Variety_·2021년 11월 2일

Data Analysis

목록 보기

9/10

위키백과 문서정보 가져오기

한글이 포함된 웹페이지(URL)을 복사해 메모장이나 주피터셀에 복붙하면 이상하게 바뀌어서 나타난다, 웹주소는 UTF-8로 인코딩되어야 한다. => 구글에 URL Decode 검색해서 사용 또는 아래처럼 포맷팅!
스트링에서 중괄호( {} ),로 감싸주면 변수취급된다.
quote : 한글로된걸 UTF-8로 변환해줌

import urllib
from bs4 import BeautifulSoup
from urllib.request import Request, urlopen

html = "https://ko.wikipedia.org/wiki/{search_words}"
req = Request(html.format(search_words=urllib.parse.quote("여명의_눈동자")))

response = urlopen(req)

soup = BeautifulSoup(response, "html.parser")
soup

인물정보 찾기

replace() : 특정문자열을 내가 원하는대로 변경해줌

n = 0
for each in soup.find_all("ul"):
    print("=>" + str(n) + "====================")
    print(each.get_text())
    n += 1
    
soup.find_all("ul")[15].text.strip().replace("\xa0","").replace("\n","")

List 데이터형

List 형은 대괄호로 생성한다
.extend() : 제일 뒤에 다수의 자료를 추가
insert() : 원하는 위치에 자료를 삽입
isinstance(data, type) : 자료형 True/False로 확인해줌

colors = ['red', 'blue', 'green']
b = colors    #주소값 참조한거라 b내용을 변경하면 colors 내용도 바뀜
b[1] = 'black'
colors
# deep copy
c = colors.copy()

# in 연산자 사용
if 'black' in colors:
    print("True")

colors.extend(['pink', 'yellow'])

colors.insert(1, "purple")

isinstance(colors, list)
ouput : True

시카고 맛집 데이터 분석

총 51개의 페이지에서 각 가게의 정보를 가져온다
- 가게이름, 대표메뉴, 대표메뉴의 가격, 가게주소

from bs4 import BeautifulSoup
from urllib.request import Request, urlopen
from fake_useragent import UserAgent
# http에서 https로 바껴서 오류생김, 의존성 추가하면 됨
import ssl
context = ssl._create_unverified_context()

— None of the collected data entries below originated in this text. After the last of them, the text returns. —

(* Let $G_3^*$ be the set of positive integers $k$ such that every exponent occurring in the prime factorization of $k$ (i.e. $v_p(k)$ for every prime $p \mid k$) belongs to $A_3^*$, where $A_3^*$ is the set of nonnegative integers whose base-$3$ expansion contains no digit $2$. Then the upper uniform density of $G_3^*$ satisfies $\overline{u}(G_3^* ) \le 7/8$.
   Context: $A_3^*$ is the greedy set of nonnegative integers free of 3-term arithmetic progressions, and $G_3^*$ (by Rankin's characterization) is the greedy set of positive integers free of 3-term geometric progressions $a, ar, ar^2$ with integer ratio $r>1$. For $A\subseteq \mathbb{N}$, the upper uniform density is $\overline{u}(A) = \lim_{s\to\infty} \max_{n\ge 0} \frac{1}{s}\,\#\{a\in A : n < a \le n+s\}$. *)

From HB Require Import structures.
From mathcomp Require Import all_boot all_order all_algebra.
From mathcomp Require Import all_classical all_reals all_analysis.
Set Implicit Arguments. Unset Strict Implicit. Unset Printing Implicit Defensive.
Import Order.TTheory GRing.Theory Num.Theory.
Local Open Scope classical_set_scope.
Local Open Scope ring_scope.

(* A_3^* : nonnegative integers whose base-3 expansion has no digit 2.
   The i-th base-3 digit of k is (k %/ 3^i) %% 3. *)
Definition inA3 (k : nat) : Prop := forall i : nat, ((k %/ 3 ^ i) %% 3 <> 2)%N.

Definition inG3 (k : nat) : Prop :=
  (0 < k)%N /\ forall p : nat, prime p -> (p %| k)%N -> inA3 (logn p k).

Definition window_count (A : nat -> Prop) (n s : nat) : nat :=
  (\sum_(n.+1 <= a < (n + s).+1) (`[< A a >] : nat))%N.

(* max_{n >= 0} #{ a in A : n < a <= n+s } (the max exists, the counts are <= s) *)
Definition max_window (R : realType) (A : nat -> Prop) (s : nat) : R :=
  sup [set ((window_count A n s)%:R : R) | n in [set: nat]].

(* Upper uniform density: lim_{s -> oo} max_n (1/s) #{a in A : n < a <= n+s}.
   The limit exists (subadditivity); we take it as limsup, which equals it. *)
Definition upper_uniform_density (R : realType) (A : nat -> Prop) : R :=
  limn_sup (fun s : nat => max_window R A s / (s%:R : R)).

(* Every positive integer j = 4 (mod 8) has v_2(j) = 2, and 2 is a base-3 digit,
   so j is not in G_3^*.  Hence each window of 8 consecutive integers misses a
   point of G_3^*, a window of length s contains at most s - floor(s/8) of its
   points, and the normalized maximal window counts are at most 7/8 + 1/s. *)

From mathcomp Require Import all_boot all_order all_algebra.
From mathcomp Require Import all_classical all_reals all_analysis.
From mathcomp Require Import zify ring lra.
Import Order.TTheory GRing.Theory Num.Theory.

Section WindowCount.
Variable A : nat -> Prop.

Lemma window_count_le n s : window_count A n s <= s.
Proof.
apply: (@leq_trans (\sum_(n.+1 <= a < (n + s).+1) 1)).
  by apply: leq_sum => i _; case: asboolP.
by rewrite sum_nat_const_nat muln1; lia.
Qed.

Lemma window_countD n s1 s2 :
  window_count A n (s1 + s2) = window_count A n s1 + window_count A (n + s1) s2.
Proof. by rewrite /window_count (big_cat_nat _ (n := (n + s1).+1)) ?addnA //; lia. Qed.

Lemma window_count_lt n s j :
  n < j <= n + s -> ~ A j -> window_count A n s < s.
Proof.
move=> /andP[nj js] Aj.
have -> : s = (j - n.+1) + (1 + (n + s - j)) by lia.
rewrite !window_countD.
have -> : window_count A (n + (j - n.+1)) 1 = 0.
  rewrite /window_count (_ : (n + (j - n.+1)).+1 = j); last by lia.
  by rewrite (_ : _ + 1 = j) ?big_nat1; [case: asboolP | lia].
have := window_count_le n (j - n.+1).
have := window_count_le (n + (j - n.+1) + 1) (n + s - j).
lia.
Qed.

Lemma window_count_le_sub_div m :
  (forall n, window_count A n m < m) ->
  forall n s, window_count A n s <= s - s %/ m.
Proof.
move=> Am n s; have m0 : 0 < m by have := Am 0; lia.
suff H q r k : window_count A k (m * q + r) <= (m - 1) * q + r.
  rewrite {1}(divn_eq s m) mulnC; apply: leq_trans (H _ _ _) _.
  rewrite {3}(divn_eq s m) mulnBl mul1n mulnC.
  by rewrite addnBAC // leq_pmulr.
elim: q k => [|q IH] k; first by rewrite !muln0 !add0n window_count_le.
rewrite mulnS -addnA window_countD.
have := Am k; have := IH (k + m); rewrite mulnS; lia.
Qed.

End WindowCount.

Lemma logn2_mod8_eq4 j : j %% 8 = 4 -> logn 2 j = 2.
Proof.
move=> hj; have -> : j = 4 * (2 * (j %/ 8) + 1) by lia.
rewrite lognM //; last by lia.
rewrite (@logn_coprime 2 (2 * (j %/ 8) + 1)) ?addn0 //.
by rewrite coprime2n addn1 /= oddM.
Qed.

Lemma notin_G3_mod8_eq4 j : j %% 8 = 4 -> ~ inG3 j.
Proof.
move=> hj [j0 Hj]; have d2 : 2 %| j by rewrite (divn_eq j 8) dvdn_addr ?hj ?dvdn_mull.
by have := Hj 2 isT d2 0; rewrite logn2_mod8_eq4.
Qed.

Lemma window_count_G3_lt8 n : window_count inG3 n 8 < 8.
Proof.
apply: (@window_count_lt _ n 8 (n.+1 + (11 - n %% 8) %% 8)); first by lia.
by apply: notin_G3_mod8_eq4; lia.
Qed.

Local Open Scope ring_scope.
Local Open Scope classical_set_scope.

Section Density.
Variable R : realType.

Lemma max_window_ge0 (A : nat -> Prop) s : 0 <= max_window R A s.
Proof.
apply: (@le_trans _ _ (window_count A 0 s)%:R) => //.
apply: ub_le_sup; last by exists 0%N.
by exists s%:R => _ [n _ <-]; rewrite ler_nat window_count_le.
Qed.

Lemma max_window_le (A : nat -> Prop) s b :
  (forall n, window_count A n s <= b)%N -> max_window R A s <= b%:R.
Proof.
move=> Ab; apply: ge_sup; first by exists (window_count A 0 s)%:R; exists 0%N.
by move=> _ [n _ <-]; rewrite ler_nat.
Qed.

Lemma limn_sup_le_add_inv (u : R^nat) c :
  bounded_fun u -> (forall s, (0 < s)%N -> u s <= c + s%:R^-1) ->
  limn_sup u <= c.
Proof.
move=> ub uc; rewrite limn_supE //; apply/ler_addgt0Pr => e e0.
pose N := Num.truncn e^-1.
have invN : N.+1%:R^-1 <= e.
  rewrite -[e]invrK lef_pV2 ?posrE ?invr_gt0 ?ltr0n //.
  exact/ltW/truncnS_gt.
apply: (@le_trans _ _ (sups u N.+1)).
  by apply: ge_inf; [exact: bounded_fun_has_lbound_sups | exists N.+1].
rewrite /sups /=; apply: ge_sup; first by exists (u N.+1); exists N.+1 => /=.
move=> _ [k /= Nk <-]; apply: le_trans (uc k _) _; first by lia.
rewrite lerD2l; apply: le_trans invN.
by rewrite lef_pV2 ?posrE ?ltr0n ?ler_nat //; lia.
Qed.

Lemma natr_sub_divn_le (m s : nat) : (0 < m)%N -> (0 < s)%N ->
  (s - s %/ m)%:R / s%:R <= 1 - m%:R^-1 + s%:R^-1 :> R.
Proof.
move=> m0 s0; rewrite ler_pdivrMr ?ltr0n //.
have hnat : (m * (s - s %/ m) + s <= m * s + m)%N.
  move: (divn_eq s m) (ltn_pmod s m0) (leq_div s m).
  by move: (s %/ m)%N (s %% m)%N => q r; nia.
have mR : 0 < m%:R :> R by rewrite ltr0n.
move: hnat; rewrite -(ler_nat R) !natrD !natrM => h.
rewrite mulrDl mulrBl mul1r mulVf ?gt_eqF ?ltr0n //.
rewrite -(ler_pM2l mR) mulrDr mulrBr mulrA mulfV ?gt_eqF // mul1r.
lra.
Qed.

Lemma upper_uniform_density_le (A : nat -> Prop) m :
  (forall n, window_count A n m < m)%N ->
  upper_uniform_density R A <= 1 - m%:R^-1.
Proof.
move=> Am; have m0 : (0 < m)%N by have := Am 0%N; lia.
have mw_le s : max_window R A s <= (s - s %/ m)%:R.
  by apply: max_window_le => n; exact: window_count_le_sub_div.
apply: limn_sup_le_add_inv => [|s s0]; last first.
  by apply: le_trans _ (natr_sub_divn_le _ _ m0 s0); rewrite ler_wpM2r ?mw_le.
exists 1; split=> // M M1 s _ /=.
rewrite ger0_norm ?divr_ge0 ?max_window_ge0 //; apply: le_trans (ltW M1).
case: s => [|s]; first by rewrite invr0 mulr0.
rewrite ler_pdivrMr ?ltr0n // mul1r; apply: le_trans (mw_le _) _.
by rewrite ler_nat leq_subr.
Qed.

End Density.

Theorem mainTheorem1 (R : realType) :
  upper_uniform_density R inG3 <= 7 / 8.
Proof.
rewrite (_ : 7 / 8 = 1 - 8%:R^-1); last by field.
exact/upper_uniform_density_le/window_count_G3_lt8.
Qed.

url_base = "https://www.chicagomag.com"
url_sub = "/Chicago-Magazine/November-2012/Best-Sandwiches-Chicago/"
url = url_base + url_sub

ua = UserAgent()
ua.ie

req = Request(url, headers={"User-Agent" : ua.ie})

response = urlopen(req, context=context)
response.status

soup = BeautifulSoup(response, "html.parser")

# print(soup.prettify())

bs4.elment.Tag 타입이면 find 명령을 사용할 수 있다는 의미

tmp_one = soup.find_all("div", "sammy")[0]
type(tmp_one)

tmp_one.find(class_="sammyRank")

tmp_one.find(class_="sammyRank").get_text()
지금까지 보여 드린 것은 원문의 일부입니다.